Noting also that t³-8=t³-2³=(t-2)(t²+2t+2²)=(t-2)(t²+2t+4), we see that x and y are the two non-real cube roots of 8, hence they are 2cis(±2π/3) (in either order).
So xⁿ+yⁿ=2ⁿcis(2nπ/3)+2ⁿcis(-2nπ/3)=2ⁿ⁺¹cos(2nπ/3)
@@MichaelRothwell1 That works, but it disobeys the instruction not to solve for x and y.
@@XJWill1 That's true!
Really nice video! I solved by doing binomial expansions of (x + y)^2, (x + y)^3 and (x + y)^4, which is a bit more work. Didn't think to try (x + y)*(x^3 + y^3) to get x^4 + y^4
x and y are solutions of x²-(-2)x+4=0.
Whenever sum and multiplication of two complex number are known, sum of their nth power can be computed. This video suggests other way is also possible.

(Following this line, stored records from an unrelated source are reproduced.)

Definition Iproc (I0 : R) (k : nat) (w : Omega) : R := I0 * (-1) ^ (Nproc k w).

Definition ind (b : bool) : R := if b then 1 else 0.

(* tau is a stopping time of the natural filtration of N with values in
   {k, ..., T}: {tau <= j} is determined by N_0..N_j, i.e. by the first
   j increments. *)
Definition stopping_time_in (T k : nat) (tau : Omega -> nat) : Prop :=
  (forall w, (k <= tau w <= T)%nat) /\
  (forall (j : nat) (w w' : Omega),
      (forall i, (i < j)%nat -> w i = w' i) ->
      ((tau w <= j)%nat <-> (tau w' <= j)%nat)).

Definition payoff (I0 : R) (T k : nat) (tau : Omega -> nat) (w : Omega) : R :=
  fold_right Rplus 0
    (map (fun l =>
            ((if Req_EM_T (Iproc I0 l w) (-1) then 1 else 0)
             - (if Req_EM_T (Iproc I0 l w) 1 then 1 else 0))
            * ind (Nat.leb l (tau w)))
         (seq (S k) (T - k))).

(* Indicator of the atom {N_1..N_k determined by the history h} of F_k,
   i.e. {omega i = h i for i < k}. *)
Definition atom (k : nat) (h : Omega) (w : Omega) : R :=
  ind (forallb (fun i => Nat.eqb (w i) (h i)) (seq 0 k)).

(* Conditional expectation E_k[X] on the atom of F_k given by h
   (F_k is generated by countably many atoms). *)
Definition CondExp (gamma : nat -> R) (T k : nat) (X : Omega -> R) (h : Omega) : R :=
  Expect gamma T (fun w => X w * atom k h w) / Expect gamma T (atom k h).

(* The function Q : {0..T} x {1,-1} -> R; Qaux m = (Q(T-m,1), Q(T-m,-1)). *)
Fixpoint Qaux (gamma : nat -> R) (T m : nat) : R * R :=
  match m with
  | O => (0, 0)
  | S m' =>
      let k := (T - S m')%nat in
      let p := Qaux gamma T m' in
      let e := exp (-2 * gamma k) in
      let u := (1 + e) / 2 in
      let v := (1 - e) / 2 in
      (Rmax 0 (- e + u * fst p + v * snd p),
       e + v * fst p + u * snd p)
  end.

Definition Qfun (gamma : nat -> R) (T k : nat) (s : R) : R :=
  let p := Qaux gamma T (T - k) in
  if Req_EM_T s 1 then fst p else snd p.

From Pilot Require Import Defs.
From Stdlib Require Import Reals Lra Lia List Arith FunctionalExtensionality.
From Coquelicot Require Import Coquelicot.
Open Scope R_scope.

(* Stopping at time k yields 0, while continuing yields the
   reward of the step k -> k+1 plus, playing optimally afterwards, Q(k+1, I_{k+1});
   hence Q(k, s) = max(0, C(k, s)) with C the one-step expectation. Since
   I_{k+1} = I_k (-1)^n with n ~ Poisson(gamma_k) and E[(-1)^n] = e^{-2 gamma_k},
   the state is kept with probability u_{k+1} and flipped with probability v_{k+1},
   which is the stated recursion; from state -1 the expected immediate reward is
   e^{-2 gamma_k} > 0, so there continuing is optimal. The stopping time that
   continues exactly while C(k, I_k) > 0 attains Q. Conditioning on an atom of F_k
   fixes the first k increments, so E_k is integration over the remaining ones. *)

Lemma is_series_exp (x : R) : is_series (fun n => x ^ n / INR (fact n)) (exp x).
Proof.
  eapply is_series_ext; [|exact (is_exp_Reals x)].
  intro n. simpl. rewrite pow_n_pow. unfold scal; simpl. unfold mult; simpl.
  unfold Rdiv. ring.
Qed.

Lemma is_series_poisson_pmf (g : R) : is_series (poisson_pmf g) 1.
Proof.
  replace 1 with (exp (- g) * exp g)
    by (rewrite <- exp_plus, Rplus_opp_l; apply exp_0).
  eapply is_series_ext; [|exact (is_series_scal_l (exp (- g)) _ _ (is_series_exp g))].
  intro n. unfold poisson_pmf, scal; simpl; unfold mult; simpl. unfold Rdiv. ring.
Qed.

Lemma is_series_poisson_pmf_sign (g : R) :
  is_series (fun n => poisson_pmf g n * (-1) ^ n) (exp (-2 * g)).
Proof.
  replace (exp (-2 * g)) with (exp (- g) * exp (- g))
    by (rewrite <- exp_plus; f_equal; ring).
  eapply is_series_ext; [|exact (is_series_scal_l (exp (- g)) _ _ (is_series_exp (- g)))].
  intro n. unfold poisson_pmf, scal; simpl; unfold mult; simpl.
  replace (- g) with (-1 * g) at 2 by ring. rewrite Rpow_mult_distr. unfold Rdiv. ring.
Qed.

Lemma poisson_pmf_ge0 (g : R) (n : nat) : 0 <= g -> 0 <= poisson_pmf g n.
Proof.
  intro Hg. unfold poisson_pmf, Rdiv. apply Rmult_le_pos.
  - apply Rmult_le_pos; [left; apply exp_pos | apply pow_le; exact Hg].
  - left. apply Rinv_0_lt_compat, INR_fact_lt_0.
Qed.

Section PoissonSeries.

Variables (g M : R) (a : nat -> R).
Hypothesis g_ge0 : 0 <= g.
Hypothesis a_bounded : forall n, Rabs (a n) <= M.

Let abs_poisson_term_le n : Rabs (poisson_pmf g n * a n) <= poisson_pmf g n * M.
Proof.
  rewrite Rabs_mult, (Rabs_pos_eq (poisson_pmf g n)) by (apply poisson_pmf_ge0; exact g_ge0).
  apply Rmult_le_compat_l; [apply poisson_pmf_ge0; exact g_ge0 | apply a_bounded].
Qed.

Let ex_series_poisson_const : ex_series (fun n => poisson_pmf g n * M).
Proof. exists (1 * M). apply is_series_scal_r, is_series_poisson_pmf. Qed.

Lemma ex_series_poisson_bounded : ex_series (fun n => poisson_pmf g n * a n).
Proof.
  apply (@ex_series_le R_AbsRing R_CompleteNormedModule _ _ abs_poisson_term_le).
  exact ex_series_poisson_const.
Qed.

Lemma Series_poisson_abs_le : Rabs (Series (fun n => poisson_pmf g n * a n)) <= M.
Proof.
  eapply Rle_trans.
  { apply Series_Rabs.
    apply (@ex_series_le R_AbsRing R_CompleteNormedModule _ (fun n => poisson_pmf g n * M)).
    - intro n. change norm with Rabs. simpl. rewrite Rabs_Rabsolu. apply abs_poisson_term_le.
    - exact ex_series_poisson_const. }
  eapply Rle_trans.
  { apply Series_le; [|exact ex_series_poisson_const].
    intro n. split; [apply Rabs_pos | apply abs_poisson_term_le]. }
  rewrite Series_scal_r, (is_series_unique _ _ (is_series_poisson_pmf g)). lra.
Qed.

End PoissonSeries.

Lemma Series_poisson_le (g Ma Mb : R) (a b : nat -> R) :
  0 <= g -> (forall n, Rabs (a n) <= Ma) -> (forall n, Rabs (b n) <= Mb) ->
  (forall n, a n <= b n) ->
  Series (fun n => poisson_pmf g n * a n) <= Series (fun n => poisson_pmf g n * b n).
Proof.
  intros Hg Ha Hb Hab.
  assert (Ea := ex_series_poisson_bounded g Ma a Hg Ha).
  assert (Eb := ex_series_poisson_bounded g Mb b Hg Hb).
  enough (0 <= Series (fun n => poisson_pmf g n * b n - poisson_pmf g n * a n))
    by (rewrite Series_minus in *; auto; lra).
  replace 0 with (Series (fun _ => 0))
    by (rewrite (Series_ext _ (fun n => 0 * 0)), Series_scal_l by (intro; ring); ring).
  apply Series_le; [|exact (ex_series_minus _ _ Eb Ea)].
  intro n. pose proof (poisson_pmf_ge0 g n Hg). pose proof (Hab n). split; nra.
Qed.

Definition agree_outside (s m : nat) (w w' : Omega) : Prop :=
  forall i, (i < s \/ s + m <= i)%nat -> w' i = w i.

Definition nonneg_on (gamma : nat -> R) (s m : nat) : Prop :=
  forall i, (s <= i < s + m)%nat -> 0 <= gamma i.

Section ExpFrom.

Variable gamma : nat -> R.

Lemma ExpFrom_ext (m s : nat) (f g : Omega -> R) (w : Omega) :
  (forall w', agree_outside s m w w' -> f w' = g w') ->
  ExpFrom gamma m s f w = ExpFrom gamma m s g w.
Proof.
  revert s f g w; induction m as [|m IH]; intros s f g w H; simpl.
  - apply H. intros i _. reflexivity.
  - apply Series_ext. intro n. f_equal. apply IH. intros w' Hw'. apply H.
    intros i Hi. rewrite Hw' by lia. unfold upd.
    destruct (Nat.eqb_spec i s); [lia | reflexivity].
Qed.

Lemma ExpFrom_scal_l (m s : nat) (c : R) (f : Omega -> R) (w : Omega) :
  ExpFrom gamma m s (fun w => c * f w) w = c * ExpFrom gamma m s f w.
Proof.
  revert s w; induction m as [|m IH]; intros s w; simpl; [reflexivity|].
  rewrite <- Series_scal_l. apply Series_ext. intro n. rewrite IH. ring.
Qed.
(* Let $\ell$, $x\le y$, $n=y-x$, $\lambda\in\mathbb{R}$ be such that $\inf_{t\in[0,1],\,x\le z\le y-1}\Xi_\ell(t,z)\ge\lambda$, and let $1\le i\le n$. Then the functions $$s\mapsto\frac{\int_{\Delta^{0,s}_{1,i-1}}\exp\big(\xi_{1,i-1}(\mathbf t_{1,i-1})\big)\,d\mathbf t_{1,i-1}}{\int_{\Delta^{0,s}_{1,i-1}}\exp\big(\lambda\sum_{j=1}^{i-1}t_j\big)\,d\mathbf t_{1,i-1}} \quad\text{and}\quad s\mapsto\frac{\int_{\Delta^{s,1}_{i+1,n}}\exp\big(\xi_{i+1,n}(\mathbf t_{i+1,n})\big)\,d\mathbf t_{i+1,n}}{\int_{\Delta^{s,1}_{i+1,n}}\exp\big(\lambda\sum_{j=i+1}^{n}t_j\big)\,d\mathbf t_{i+1,n}}$$ are non-decreasing in $s$ (on $(0,1)$, for those $i$ for which the respective integrals are over a nonempty set of variables).
   Context: $\ell:[0,1]\times\mathbb{N}\to(0,\infty)$ is the jump intensity of a Markov counting process, with $t\mapsto\ell(t,z)$ continuously differentiable on $[0,1]$ for each $z$. The reciprocal characteristic is $\Xi_\ell(t,z)=\partial_t\log\ell(t,z)+\ell(t,z+1)-\ell(t,z)$. For $1\le j\le n$, $\xi_j:[0,1]\to\mathbb{R}$ is the primitive of $t\mapsto\Xi_\ell(t,x+j-1)$ with $\xi_j(0)=0$, and for $i\le k$, $\xi_{i,k}(\mathbf t_{i,k})=\sum_{j=i}^k\xi_j(t_j)$, where $\mathbf t_{i,k}=(t_i,\dots,t_k)$. For $0\le s\le r\le1$, $\Delta^{s,r}_{i,k}=\{(t_i,\dots,t_k):s<t_i<t_{i+1}<\dots<t_k<r\}$. *)

From Stdlib Require Import Reals List.
From Coquelicot Require Import Coquelicot.
Import ListNotations.
Open Scope R_scope.

Definition Xi (l : R -> nat -> R) (t : R) (z : nat) : R :=
  Derive (fun u => ln (l u z)) t + l t (S z) - l t z.

Definition xi (l : R -> nat -> R) (x : nat) (j : nat) (t : R) : R :=
  RInt (fun u => Xi l u (x + j - 1)%nat) 0 t.

(* xi_{j0, j0+k-1}(t_{j0},...,t_{j0+k-1}) = sum_j xi_j(t_j),
   the list [t_{j0}; ...; t_{j0+k-1}] holding the variables in order. *)
Fixpoint xi_sum (l : R -> nat -> R) (x : nat) (j0 : nat) (ts : list R) : R :=
  match ts with
  | [] => 0
  | t :: ts' => xi l x j0 t + xi_sum l x (S j0) ts'
  end.

(* Integral of F over the open simplex {s < t_1 < ... < t_k < r} (k variables),
   written as the iterated integral
     int_s^r dt_1 int_{t_1}^r dt_2 ... int_{t_{k-1}}^r dt_k F(t_1,...,t_k). *)
Fixpoint simplex_int (k : nat) (F : list R -> R) (s r : R) : R :=
  match k with
  | O => F []
  | S k' => RInt (fun t => simplex_int k' (fun ts => F (t :: ts)) t r) s r
  end.

From Stdlib Require Import Reals List Lra Lia.
From Coquelicot Require Import Coquelicot.
Open Scope R_scope.

(* Both ratios have the form P_H(a,b) / P_E(a,b), where P_F(a,b) integrates
   F_j(t_1) F_(j+1)(t_2) ... over the simplex a < t_1 < ... < t_k < b, with
   H_j = exp o xi_j and E_j(t) = exp(lam t).  To pass from [a,b] to [c,d]
   (a <= c, b <= d) substitute t = S(u), where S maps [a,b] onto [c,d] and is
   affine in the coordinate exp(lam t).  Then exp(lam S(u)) S'(u) = alpha exp(lam u),
   so P_E(c,d) = alpha^k P_E(a,b) exactly.  Since xi_j' = Xi >= lam, the quotient
   H_j / E_j is non-decreasing, and S(u) >= u gives H_j(S u) S'(u) >= alpha H_j(u),
   hence P_H(c,d) >= alpha^k P_H(a,b). *)

Definition family_continuous (H : nat -> R -> R) : Prop :=
  forall j t, continuous (H j) t.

A similar approach can be used to solve more complicated systems, like
x^2+y^2=a,
x^3+y^3=b.
If you let S=x+y and P=xy, then the equations become
S^2-2P=a,
S^3-3SP=b.
Then the first equation gives P in terms of S, and substituting that into the second gives a cubic for S. Then solve that (gross) and for each value of S, you get a value of P that you can use to solve for x and y.
Love the logical way you solve this. Showing my lack of maths knowledge. X or Y or both are complex numbers.. I can see how multiplying them will give a non complex number. Adding two complex numbers - how do you get a non complex number?
They're conjugates of each other... Like, one of them is (a+bi) and the other is (a-bi), so if you add them together, the imaginary component cancels out and you just get 2a.
@@mrphlip thanks for explaining.
In fact x and y are the roots of the quadratic equation t²+2t+4=0 (this is because x+y=-2 and xy=4).
The solutions (which can easily be found by completing the square or the quadratic formula) are t=-1±√3i, so x, y are -1±√3i in either order.
Since the non-real cube roots of 1 are (-1±√3i)/2, x and y are the non-real cube roots of 8 (which explains why x³+y³=16).
This can also be seen without solving the quadratic by factorising t³-8=t³-2³=(t-2)(t²+2t+2²).
(x + y)(x^2 + y^2) = x^3 + xy^2 + x^2 y + y^3
-2 (x^2 + y^2) = x^3 + y^3 + xy(x+y)
-2 (x^2 + y^2) = 16 - 2xy
x^2 + y^2 = xy - 8
Also, (x+y)^2 = x^2 + 2xy + y^2
4 = (x^2 + y^2) + 2xy
4 = xy - 8 + 2xy
12 = 3xy
4 = xy
x^2 + y^2 = xy - 8
x^2 + y^2 = 4 - 8 = -4
(x^2 + y^2)^2 = x^4 + y^4 + 2 x^2 y^2
16 = x^4 + y^4 + 2(4)^2
-16 = x^4 + y^4
I realize your title said "without finding x & y", but I suspected there was no solution for x and y, given the way the sign changed from negative for x + y to positive for x^3 + y^3, and then negative again for x^4 + y^4. I was able to find a pair of values for x and y such that x + y = -2, x^3 + y^3 = 16, and x^4 + y^4 has the value you obtained in the video. But the sign changes are still a bit mystifying to me. Is there a way to determine what the sign for x^n + y^n is going to be for a particular n, without finding the value of x^n + y^n?
Symmetric functions
Newton-Girard formulas
Indeed! See en.m.wikipedia.org/wiki/Newton%27s_identities
elegant
At the end: ??? y=-2-x ???
Rearrange x+y=-2 for y 👍
Solving for z^2 is easier...
x=-1+z and y=-1-z; (z-1)^3-(z+1)^3-16=-2(3z^2+1)-16=0; 6z^2+18=0; z^2=-3
x^4+y^4=(z+1)^4+(z-1)^4=2(z^4+6z^2+1)=2(9-18+1)=-16
Nice problem and solution.
We can easily find the values of x and y by noting x+y=-2 and xy=4, so x and y are the roots of t²+2t+4=0.
Noting also that t³-8=t³-2³=(t-2)(t²+2t+2²)=(t-2)(t²+2t+4), we see that x and y are the two non-real cube roots of 8, which also explains why x³+y³=16.
This is a very nice alternative solution. I like the connection to Vieta's formula for the quadratic as another nice way of solving without finding x and y explicitly!